MATERIAL FOR THE TASK Block Start

Lemma cascade_pascal_le q : 0 < q ->
  \sum_(k < q) 'C(a k, q - k) <=
  \sum_(k < q) 'C(a' k, q - k) + \sum_(k < q.-1) 'C(a' k, q.-1 - k) + 1.
Proof.
case: q => // q _; rewrite -addnA /=.
have -> : \sum_(k < q) 'C(a' k, q - k) + 1 = \sum_(k < q.+1) 'C(a' k, q - k).
  by rewrite big_ord_recr subnn bin0.
rewrite -big_split; apply: leq_sum => k _ /=.
have -> : q - k = (q.+1 - k).-1 by lia.
by rewrite bin_le_pascal // subn_gt0.
Qed.

Lemma pascal_le_cascade q r : q < r ->
  \sum_(k < q) 'C(a' k, r - k) + \sum_(k < q) 'C(a' k, r.-1 - k) <=
  \sum_(k < q) 'C(a k, r - k).
Proof.
move=> qr; rewrite -big_split /=; apply: leq_sum => k _.
have -> : r.-1 - k = (r - k).-1 by lia.
by rewrite pascal_le_bin //; have := ltn_ord k; lia.
Qed.
End Cascade.

Theorem kt_le_cascade (V : finType) (X : {set V}) q r (a : nat -> nat) G :
  0 < q <= r -> sgraph_on q X G -> #|G| <= \sum_(k < q) 'C(a k, q - k) ->
  kt q r G <= \sum_(k < q) 'C(a k, r - k).
Proof.
move=> qr sG Ga; rewrite -(ler_nat int).
apply: (kt_le_bound (R := int) (P := nat -> nat)
  (bound := fun a q r => ((\sum_(k < q) 'C(a k, r - k))%:R : int)%R)
  (prev := fun a k => (a k).-1) (admissible := fun _ _ => true)) qr sG _ _ => //;
  rewrite ?ler_nat //.
- by move=> b r' m _; rewrite !ler_nat !big_ord1 !subn0 bin1; apply: leq_bin2l.
- move=> b q' m0 m1 q1; rewrite !ler_nat ltr_nat => Gb big.
  by have := cascade_pascal_le b (ltnW q1); lia.
- move=> b q' q1; rewrite ler_nat.
  by apply: (leq_sum_ord (fun k => 'C(b k, q' - k))); rewrite leq_pred.
- by move=> b q' r' qr' _; rewrite -natrD ler_nat pascal_le_cascade.
Qed.
Lemma srcn_comp_low {p} {x y : G} : composable p x y -> forall i, i <= p ->
  srcn i (comp p y x) = srcn i x /\ tgtn i (comp p y x) = tgtn i y.
Proof.
  intros Hc i Hi. pose proof Hc as [C1 [C2 C3]].
  destruct (srcn_comp_high p (dim x) x y eq_refl Hc (S p)) as [A1 [A2 [A3 A4]]]; [lia|].
  rewrite <- (srcn_srcn i (S p) (comp p y x)), <- (tgtn_tgtn i (S p) (comp p y x)) by lia.
  rewrite A1, A2.
  destruct (ws_st_comp_top p _ _ A3) as [T1 _]; [rewrite dim_srcn; lia|].
  destruct (ws_st_comp_top p _ _ A4) as [_ T2]; [rewrite dim_tgtn; lia|].
  split.
  - rewrite <- (srcn_srcn i p), (srcn_src p), T1, <- (srcn_src p)
      by (rewrite ?(ws_dim_comp _ _ _ A3), ?dim_srcn; lia).
    now rewrite !srcn_srcn by lia.
  - rewrite <- (tgtn_tgtn i p), (tgtn_tgt p), T2, <- (tgtn_tgt p)
      by (rewrite ?(ws_dim_comp _ _ _ A4), ?dim_tgtn; lia).
    now rewrite !tgtn_tgtn by lia.
Qed.

Lemma composable_assoc p (x y z : G) : composable p x y -> composable p y z ->
  composable p x (comp p z y) /\ composable p (comp p y x) z.
Proof.
  intros Hxy Hyz. pose proof Hxy as [A1 [A2 A3]]. pose proof Hyz as [B1 [B2 B3]].
  split; repeat split;
    rewrite ?(ws_dim_comp _ _ _ Hyz), ?(ws_dim_comp _ _ _ Hxy); try lia.
  - now rewrite (proj1 (srcn_comp_low Hyz p (le_n p))).
  - now rewrite (proj2 (srcn_comp_low Hxy p (le_n p))).
Qed.

Lemma composable_units p (x : G) : p < dim x ->
  composable p x (idn (dim x) (tgtn p x)) /\ composable p (idn (dim x) (srcn p x)) x.
Proof.
  intro; split; (split; [|split]); rewrite ?dim_idn, ?dim_srcn, ?dim_tgtn; try lia.
  - rewrite srcn_idn, (srcn_ge p (tgtn p x)); rewrite ?dim_tgtn; auto; lia.
  - rewrite tgtn_idn, (tgtn_ge p (srcn p x)); rewrite ?dim_srcn; auto; lia.
Qed.

Lemma composable_idc p (x y : G) : composable p x y -> composable p (idc x) (idc y).
Proof.
  intros [A1 [A2 A3]]; repeat split; rewrite ?ws_dim_id; try lia.
  now rewrite srcn_idc, tgtn_idc by lia.
Qed.

Lemma composable_interchange p q (x y x' y' : G) : q < p ->
  composable p x y -> composable p x' y' -> composable q x x' -> composable q y y' ->
  composable q (comp p y x) (comp p y' x') /\ composable p (comp q x' x) (comp q y' y).
Proof.
  intros Hqp C1 C2 C3 C4.
  pose proof C1 as [A1 [A2 A3]]. pose proof C2 as [B1 [B2 B3]].
  pose proof C3 as [D1 [D2 D3]]. pose proof C4 as [E1 [E2 E3]].
  split; repeat split; rewrite ?(ws_dim_comp _ _ _ C1), ?(ws_dim_comp _ _ _ C2),
    ?(ws_dim_comp _ _ _ C3), ?(ws_dim_comp _ _ _ C4); try lia.
  - rewrite (proj2 (srcn_comp_low C1 q ltac:(lia))),
      (proj1 (srcn_comp_low C2 q ltac:(lia))).
    rewrite <- (tgtn_srcn q p y), <- A3, tgtn_tgtn by lia. exact D3.
  - destruct (srcn_comp_high q (dim x) x x' eq_refl C3 p) as [_ [F2 _]]; [lia|].
    destruct (srcn_comp_high q (dim y) y y' eq_refl C4 p) as [F1 _]; [lia|].
    now rewrite F1, F2, A3, B3.
Qed.

End WellSorted.

(** * Chains in the expansion axioms *)

Lemma chain_S {G : GlobData} (xi : G -> G) b x k :
  chain xi b x (S k) = pcomp k (chain xi b x k) (xi (srcn k x)).
Proof. unfold chain. now rewrite seq_S, fold_left_app. Qed.

Lemma chain_ext {G : GlobData} (xi : G -> G) b x x' k :
  (forall i, i < k -> srcn i x = srcn i x') -> chain xi b x k = chain xi b x' k.
Proof.
  induction k; intro E; auto. rewrite !chain_S, IHk, E by auto. reflexivity.
Qed.

Definition pcomposable {G : GlobData} p (y x : G) :=
  composable p (idn (Nat.max (dim x) (dim y)) x) (idn (Nat.max (dim x) (dim y)) y).

(* The source/target axioms for [xi] are only assumed below dimension [N],
   so that the term model can establish them by induction on dimension. *)
Section Chain.
Context {G : GlobData} {HW : well_sorted G}.
Variables (o : G) (xi : G -> G) (N : nat).
Hypothesis xi_dim : forall x, dim (xi x) = S (dim x).
Hypothesis xi_st0 : forall x, dim x = 0 -> src (xi x) = o /\ tgt (xi x) = x.
Hypothesis xi_stS : forall z, 0 < dim z -> dim z < N ->
  src (xi z) = xi (tgt z) /\ tgt (xi z) = chain xi z z (dim z).

Definition chain_pcomposable b x k :=
  forall i, i < k -> pcomposable i (chain xi b x i) (xi (srcn i x)).

Lemma tgt_xi z : dim z < N -> tgt (xi z) = chain xi z z (dim z).
Proof.
  intro. destruct (dim z) eqn:E; [now apply xi_st0|].
  rewrite <- E. apply xi_stS; lia.
Qed.

Lemma tgt_xi_srcn k x : k < N -> k <= dim x -> tgt (xi (srcn k x)) = chain xi (srcn k x) x k.
Proof.
  intros. rewrite tgt_xi, dim_srcn by (rewrite dim_srcn; lia).
  replace (Nat.min k (dim x)) with k by lia.
  apply chain_ext. intros; apply srcn_srcn; lia.
Qed.

Lemma chain_spec k : k <= N -> forall b x, k <= dim b -> k <= dim x ->
  (forall i, i < k -> srcn i b = srcn i x) ->
  dim (chain xi b x k) = dim b /\ chain_pcomposable b x k /\
  (forall j, k <= j <= dim b -> srcn j (chain xi b x k) = chain xi (srcn j b) x k /\
                               tgtn j (chain xi b x k) = chain xi (tgtn j b) x k).
Proof.
  induction k; intros HkN b x Hb Hx Hbx.
  { repeat split; intros; lia. }
  destruct (IHk ltac:(lia) b x ltac:(lia) ltac:(lia) ltac:(intros; apply Hbx; lia))
    as [Dacc [OK Sacc]].
  set (acc := chain xi b x k) in *.
  set (ksi := xi (srcn k x)).
  assert (Dk : dim ksi = S k) by (unfold ksi; rewrite xi_dim, dim_srcn; lia).
  assert (Hm : Nat.max (dim ksi) (dim acc) = dim b) by lia.
  assert (Eacc : idn (dim b) acc = acc) by (apply idn_le; lia).
  assert (Cc : composable k (idn (dim b) ksi) acc).
  { repeat split; rewrite ?dim_idn; try lia.
    rewrite tgtn_idn, tgtn_tgt, tgtn_ge by (rewrite ?ws_dim_tgt, ?Dk; lia).
    unfold ksi; rewrite tgt_xi_srcn by lia.
    rewrite (proj1 (Sacc k ltac:(lia))). f_equal. symmetry; apply Hbx; lia. }
  assert (Echain : chain xi b x (S k) = comp k acc (idn (dim b) ksi)).
  { rewrite chain_S. fold acc ksi. unfold pcomp. now rewrite Hm, Eacc. }
  split; [|split].
  - rewrite Echain, (ws_dim_comp _ _ _ Cc), dim_idn; lia.
  - intros i Hi. destruct (Nat.eq_dec i k) as [->|]; [|apply OK; lia].
    unfold pcomposable. fold acc ksi. now rewrite Hm, Eacc.
  - intros j Hj. rewrite Echain.
    destruct (srcn_comp_high k (dim b) (idn (dim b) ksi) acc
      ltac:(rewrite dim_idn; lia) Cc j) as [F1 [F2 _]]; [lia|].
    destruct (Sacc j ltac:(lia)) as [S1 S2].
    rewrite F1, F2, S1, S2, srcn_idn_ge, tgtn_idn_ge, !chain_S by lia.
    fold ksi. unfold pcomp.
    destruct (IHk ltac:(lia) (srcn j b) x ltac:(rewrite dim_srcn; lia) ltac:(lia)
      ltac:(intros; rewrite srcn_srcn by lia; apply Hbx; lia)) as [D1 _].
    destruct (IHk ltac:(lia) (tgtn j b) x ltac:(rewrite dim_tgtn; lia) ltac:(lia)
      ltac:(intros; rewrite srcn_tgtn by lia; apply Hbx; lia)) as [D2 _].
    rewrite D1, D2, dim_srcn, dim_tgtn, Dk.
    replace (Nat.max (S k) (Nat.min j (dim b))) with j by lia.
    rewrite (idn_le j (chain xi (srcn j b) x k)) by (rewrite D1, dim_srcn; lia).
    now rewrite (idn_le j (chain xi (tgtn j b) x k)) by (rewrite D2, dim_tgtn; lia).
Qed.
Lemma hom_tail_twistP chi : is_hom chi ->
  tail chi = tail phi <-> exists2 c, core phi c & chi = twist phi c.
Proof.
move=> chi_hom; split=> [/(hom_tail_eq_homP chi_hom phi_hom)[e0 e1] | [c c_core ->]].
  pose c := gmul (ginv (phi f1)) (chi f1).
  have c_core : core phi c.
    split=> [f | k k0].
      pose g := gmul f (ginv f1).
      have Hg : H (ginv (gmul (chi g) (ginv (phi g)))).
        by rewrite subgroupVE //; apply: e1.
      have := subgroupM H_subgroup Hg (e1 f).
      by rewrite chi_hom phi_hom (homV chi_hom) (homV phi_hom) /c; gsimpl.
    have e : gconj (chi f1) (phi k) = gconj (phi f1) (phi k).
      by rewrite -[in LHS]e0 // -!hom_gconj // e0 // deg_gconj.
    transitivity (gmul (gmul (ginv (phi f1)) (gconj (chi f1) (phi k))) (chi f1)).
      by rewrite /c /gconj; gsimpl.
    by rewrite e /c /gconj; gsimpl.
  exists c => //; apply: eq_hom_ker_f1 => //.
    exact: twist_hom phi_hom (proj2 c_core).
    by move=> k k0; rewrite twist_deg0 // e0.
  by rewrite twist_f1 // /c gmulKVg.
exact: hom_tail_twist.
Qed.

Lemma hom_tail_conj_twistP chi h : is_hom chi -> H h ->
  tail chi = tail (conj_hom h phi) <->
  exists2 c, core phi c & chi = conj_hom h (twist phi c).
Proof.
move=> chi_hom Hh; have Hh' : H (ginv h) by rewrite subgroupVE.
split=> [e | [c c_core ->]]; last exact/hom_tail_conj/hom_tail_twist.
have /(hom_tail_twistP (conj_hom_hom _ chi_hom))[c c_core e'] :
    tail (conj_hom (ginv h) chi) = tail phi.
  by have := hom_tail_conj Hh' e; rewrite conj_homM gmulV conj_hom1.
by exists c; rewrite // -e' conj_homM gmulrV conj_hom1.
Qed.

Lemma conj_twist_inj h c d :
  conj_hom h (twist phi c) = conj_hom h (twist phi d) -> c = d.
Proof.
move/(congr1 (fun psi => psi f1)); rewrite /conj_hom !twist_f1 // /gconj.
by move/gmulgI/gmulIg/gmulgI.
Qed.

End Core.

Section SimilarityClasses.
Variable Phi : set (F -> G).
Hypothesis Phi_hom : forall phi, Phi phi -> is_hom phi.
Hypothesis Phi_conj : forall h phi, H h -> Phi phi ->
  Phi (fun f => gmul (ginv h) (gmul (phi f) h)).
Hypothesis Phi_twist : forall phi h psi, Phi phi -> core phi h -> is_hom psi ->
  (forall f, deg f = 0 -> psi f = phi f) ->
  (exists f1, deg f1 = 1 /\ psi f1 = gmul (phi f1) h) -> Phi psi.
Variable phi : F -> G.
Hypothesis Phi_phi : Phi phi.
Let phi_hom := Phi_hom Phi_phi.
Local Notation class := [set psi | Phi psi /\ similar_hom deg H phi psi].

Lemma Phi_conj_twist h c : H h -> core phi c -> Phi (conj_hom h (twist phi c)).
Proof.
move=> Hh c_core; have Hh' : H (ginv h) by rewrite subgroupVE.
have Phi_twist_c : Phi (twist phi c).
  apply: (Phi_twist Phi_phi c_core); first exact: twist_hom phi_hom (proj2 c_core).
    exact: twist_deg0.
  by exists f1; rewrite twist_f1.
by have := Phi_conj Hh' Phi_twist_c; rewrite ginvK.
Qed.

Lemma similar_classP chi : class chi <->
  is_hom chi /\ exists2 h, H h & tail chi = tail (conj_hom h phi).
Proof.
split=> [[Pchi /similar_homP sim] | [chi_hom [h Hh e]]].
  by split; [apply: Phi_hom|].
split; last by apply/similar_homP; exists h.
have [c c_core ->] := (hom_tail_conj_twistP phi_hom chi_hom Hh).1 e.
exact: Phi_conj_twist.
Qed.

Lemma card_tail_fiber psi : class psi ->
  [set chi | Phi chi /\ tail chi = tail psi] #= core phi.
Proof.
case/similar_classP=> psi_hom [h Hh e].
have -> : [set chi | Phi chi /\ tail chi = tail psi] =
          (fun c => conj_hom h (twist phi c)) @` core phi.
  rewrite eqEsubset; split=> [chi [Pchi] | _ [c c_core <-]].
    rewrite e => /(hom_tail_conj_twistP phi_hom (Phi_hom Pchi) Hh)[c c_core ->].
    by exists c.
  split; first exact: Phi_conj_twist.
  rewrite e; apply/(hom_tail_conj_twistP phi_hom _ Hh); last by exists c.
  exact/conj_hom_hom/twist_hom/(proj2 c_core).
by apply: inj_card_eq => c d _ _; apply: conj_twist_inj.
Qed.

Lemma card_similar_tails :
  [set tail psi | psi in class] #= [set lcoset x (core phi) | x in H].
Proof.
have -> : [set tail psi | psi in class] = (fun h => tail (conj_hom h phi)) @` H.
  rewrite eqEsubset; split=> [_ [psi /similar_classP[_ [h Hh e]] <-] | _ [h Hh <-]].
    by exists h.
  exists (conj_hom h phi) => //; apply/similar_classP.
  by split; [apply: conj_hom_hom | exists h].
apply: card_eq_image_kernel => h k Hh Hk /=.
exact: iff_trans (hom_tail_conjP phi_hom Hh Hk)
                 (iff_sym (lcoset_eqP (core_subgroup phi) h k)).
Qed.

Local Notation r := (coset_rep (core phi)).

Lemma core_coset_offset h : core phi (gmul (ginv (r h)) h).
Proof.
rewrite -(subgroupVE (core_subgroup phi)) ginvM ginvK.
exact: (coset_repP (core_subgroup phi)).
Qed.

Lemma coset_rep_subgroup h : H h -> H (r h).
Proof.
move=> Hh; rewrite -(gmulKVg h (r h)); apply: subgroupM => //.
exact/(core_subset phi_hom)/(coset_repP (core_subgroup phi)).
Qed.
Lemma nth_ord_catr d d' j : nth d (p1 ++ p2) (ord_catr j) = nth d' p2 j.
Proof. by rewrite /= nth_cat ltnNge leq_addr /= addKn; apply: set_nth_default. Qed.
End CatOrdinals.

Section SplitDecomp.
Variable U : finType.
Implicit Types (G : graph U) (p : seq (graph U)).

Lemma split_nbhds_complete G (V1 : {set U}) x y : symmetric (gE G) -> is_split G V1 ->
  x \in V1 -> y \in gV G :\: V1 ->
  x \in nbhd G (gV G :\: V1) -> y \in nbhd G V1 -> gE G x y.
Proof.
move=> symG /and4P [_ _ _ /forallP splitV1] xV1 yV2.
rewrite !inE => /and3P [_ _ /existsP [z /andP [zV2 /andP [_ zx]]]].
move=> /and3P [_ _ /existsP [w /andP [wV1 /andP [_ wy]]]].
have := splitV1 x; rewrite xV1 /= => /forallP /(_ w); rewrite wV1 /=.
have -> : [exists z0 in gV G :\: V1, gE G x z0].
  by apply/existsP; exists z; rewrite zV2 symG zx.
have -> : [exists z0 in gV G :\: V1, gE G w z0].
  by apply/existsP; exists y; rewrite yV2 wy.
by move=> /eqP /setP /(_ y); rewrite !inE; move: yV2; rewrite inE => ->; rewrite wy.
Qed.

Lemma split_left_sym G (V1 : {set U}) m :
  symmetric (gE G) -> symmetric (gE (split_left G V1 m)).
Proof.
move=> symG x y /=; rewrite [gE G y x]symG [[&& y \in V1, _ & _]]andbCA.
by congr (_ || _); apply: orbC.
Qed.

Lemma split_right_sym G (V1 : {set U}) m :
  symmetric (gE G) -> symmetric (gE (split_right G V1 m)).
Proof.
move=> symG x y /=; rewrite [gE G y x]symG [[&& y \in _ :\: _, _ & _]]andbCA.
by congr (_ || _); apply: orbC.
Qed.

Lemma sd_invariants_prime G : sd_invariants G [:: G].
Proof.
have ord1 (j : 'I_(size [:: G])) : j = ord0 by apply: val_inj; case: j => [[]].
split=> [x xG | x j l _ _ _ | j l | i a b x y]; rewrite ?(ord1 j) ?(ord1 l) ?(ord1 i) //=.
- by apply/(parts_vertsP G); exists ord0.
move=> aG bG ab /actP [_ + _] /actP [_ + _].
by rewrite /tot aG bG !inE => /eqP -> /eqP ->.
Qed.

Lemma split_decomp_invariants G p :
  split_decomp G p -> symmetric (gE G) -> sd_invariants G p.
Proof.
elim=> {G p} [G _|G V1 m p1 p2 splitV1 mG _ IH1 _ IH2 meet12] symG.
  exact: sd_invariants_prime.
have [cov1 uniq1 conn1 compl1] := IH1 (split_left_sym V1 m symG).
have [cov2 uniq2 conn2 compl2] := IH2 (split_right_sym V1 m symG).
have V1G : V1 \subset gV G by case/and4P: splitV1.
have VG_V12 x : (x \in gV G) = (x \in V1) || (x \in gV G :\: V1).
  by rewrite inE; case: (boolP (x \in V1)) => //= /(subsetP V1G).
have VG_V21 x : (x \in gV G) = (x \in gV G :\: V1) || (x \in V1).
  by rewrite orbC.
have V12_disj x : x \in V1 -> x \in gV G :\: V1 -> False by rewrite inE => ->.
have marker12 x : x \in parts_verts p1 -> x \in parts_verts p2 -> x = m.
  by move=> x1 x2; apply/set1P; rewrite -meet12 inE x1 x2.
have cover21 l : (exists j, l = @ord_catr _ p1 p2 j) \/ (exists j, l = @ord_catl _ p1 p2 j).
  by case: (ord_cat_cover l); [right | left].
have disj21 j l : @ord_catr _ p1 p2 j != @ord_catl _ p1 p2 l.
  by rewrite eq_sym ord_catl_neq_catr.
have nbhds21 x y : x \in gV G :\: V1 -> y \in V1 ->
    x \in nbhd G V1 -> y \in nbhd G (gV G :\: V1) -> gE G x y.
  by move=> x2 y1 xnb ynb; rewrite symG; apply: (split_nbhds_complete symG splitV1).
have [cov uniq conn compl_l] := sd_invariants_step
  (G1 := split_left G V1 m) (G2 := split_right G V1 m) VG_V12 V12_disj mG erefl erefl
  marker12 cov1 cov2 uniq1 uniq2 conn1 conn2
  (@nth_ord_catl _ p1 p2 G _) (@nth_ord_catr _ p1 p2 G _)
  (@ord_catl_inj _ p1 p2) (@ord_catr_inj _ p1 p2) (@ord_cat_cover _ p1 p2)
  (@ord_catl_neq_catr _ p1 p2) symG (fun _ _ => erefl)
  (fun x y => split_nbhds_complete symG splitV1) compl1.
have [_ _ _ compl_r] := sd_invariants_step
  (G1 := split_right G V1 m) (G2 := split_left G V1 m)
  VG_V21 (fun x x2 x1 => V12_disj x x1 x2) mG erefl erefl
  (fun x x2 x1 => marker12 x x1 x2) cov2 cov1 uniq2 uniq1 conn2 conn1
  (@nth_ord_catr _ p1 p2 G _) (@nth_ord_catl _ p1 p2 G _)
  (@ord_catr_inj _ p1 p2) (@ord_catl_inj _ p1 p2) cover21
  disj21 symG (fun _ _ => erefl) nbhds21 compl2.
by split=> // i; case: (ord_cat_cover i) => [[j ->]|[j ->]]; [apply: compl_l | apply: compl_r].
Qed.
End SplitDecomp.

Lemma complete_bipartite_le_mm (U : finType) (G : graph U) (X A B : {set U}) :
  A \subset X -> B \subset gV G :\: X -> {in A & B, forall x y, gE G x y} ->
  minn #|A| #|B| <= mm G X.
Proof.
move=> AX BX AB.
pose pair_up (n : 'I_(minn #|A| #|B|)) :=
  (enum_val (widen_ord (geq_minl #|A| #|B|) n), enum_val (widen_ord (geq_minr #|A| #|B|) n)).
have pair_up_inj : injective pair_up.
  by move=> n n' [/enum_val_inj /(congr1 val) /= /val_inj].
have matching : is_matching G X (pair_up @: setT).
  apply/andP; split; apply/forallP => q; apply/implyP => /imsetP [n _ ->] /=.
    have [xA yB] := (enum_valP (widen_ord (geq_minl #|A| #|B|) n),
                     enum_valP (widen_ord (geq_minr #|A| #|B|) n)).
    by rewrite (subsetP AX _ xA) (subsetP BX _ yB) AB.
  apply/forallP => r; apply/implyP => /imsetP [n' _ ->] /=.
  by apply/implyP => /orP [] /eqP /enum_val_inj /(congr1 val) /= /val_inj ->.
have := @leq_bigmax_cond _ (is_matching G X) (fun M => #|M|) _ matching.
by rewrite card_imset // cardsT card_ord.
Qed.

Theorem mainTheorem3 (U : finType) (VG : {set U}) (eG : rel U)
  (Hsym : symmetric eG) (Hirr : irreflexive eG)
  (Hconn : connected_graph (Graph VG eG))
  (parts : seq (graph U)) (Hsd : split_decomp (Graph VG eG) parts)
  (i : 'I_(size parts))
  (Hnt : 3 < #|gV (nth (Graph VG eG) parts i)|)
  (k : nat) (Hk : 0 < k)
  (N : finType) (t : rel N) (delta : N -> U)
  (HT : branch_decomp VG t delta)
  (Hw : forall u w, t u w -> sm (Graph VG eG) (edge_cut t delta u w) < k)
  (a : U) (Ha : a \in gV (nth (Graph VG eG) parts i))
  (u w : N) (Huw : t u w) :
  k <= #|edge_cut t delta u w :&: act (Graph VG eG) i a| ->
  k <= #|(VG :\: edge_cut t delta u w) :&:
          act_set (Graph VG eG) i (nbrs (nth (Graph VG eG) parts i) a)| ->
  is_split (Graph VG eG) (edge_cut t delta u w).
Proof.
move=> kA kB; have := Hw u w Huw.
set G := Graph VG eG in Hsd kA kB *.
set X := edge_cut t delta u w in kA kB *.
set A := X :&: act G i a in kA.
set B := _ :&: act_set G i _ in kB.
rewrite /sm; case: ifP => // _ mm_lt_k.
suff : k <= mm G X by rewrite leqNgt mm_lt_k.
have [_ _ _ complete] := split_decomp_invariants Hsd Hsym.
have AB : {in A & B, forall x y, gE G x y}.
  move=> x y /setIP [_ xa] /setIP [_ /bigcupP [b]]; rewrite inE => /and3P [bP _ ab] yb.
  exact: complete i a b x y Ha bP ab xa yb.
apply: leq_trans (complete_bipartite_le_mm (G := G) (subsetIl _ _) (subsetIl _ _) AB).
by rewrite leq_min kA kB.
Qed.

MATERIAL FOR THE TASK Block End

> WORK ORDER
Collect every line with the string "forallP" from the records, and copy each.

> FINISHED TASK
move=> symG /and4P [_ _ _ /forallP splitV1] xV1 yV2.
have := splitV1 x; rewrite xV1 /= => /forallP /(_ w); rewrite wV1 /=.
  apply/andP; split; apply/forallP => q; apply/implyP => /imsetP [n _ ->] /=.
  apply/forallP => r; apply/implyP => /imsetP [n' _ ->] /=.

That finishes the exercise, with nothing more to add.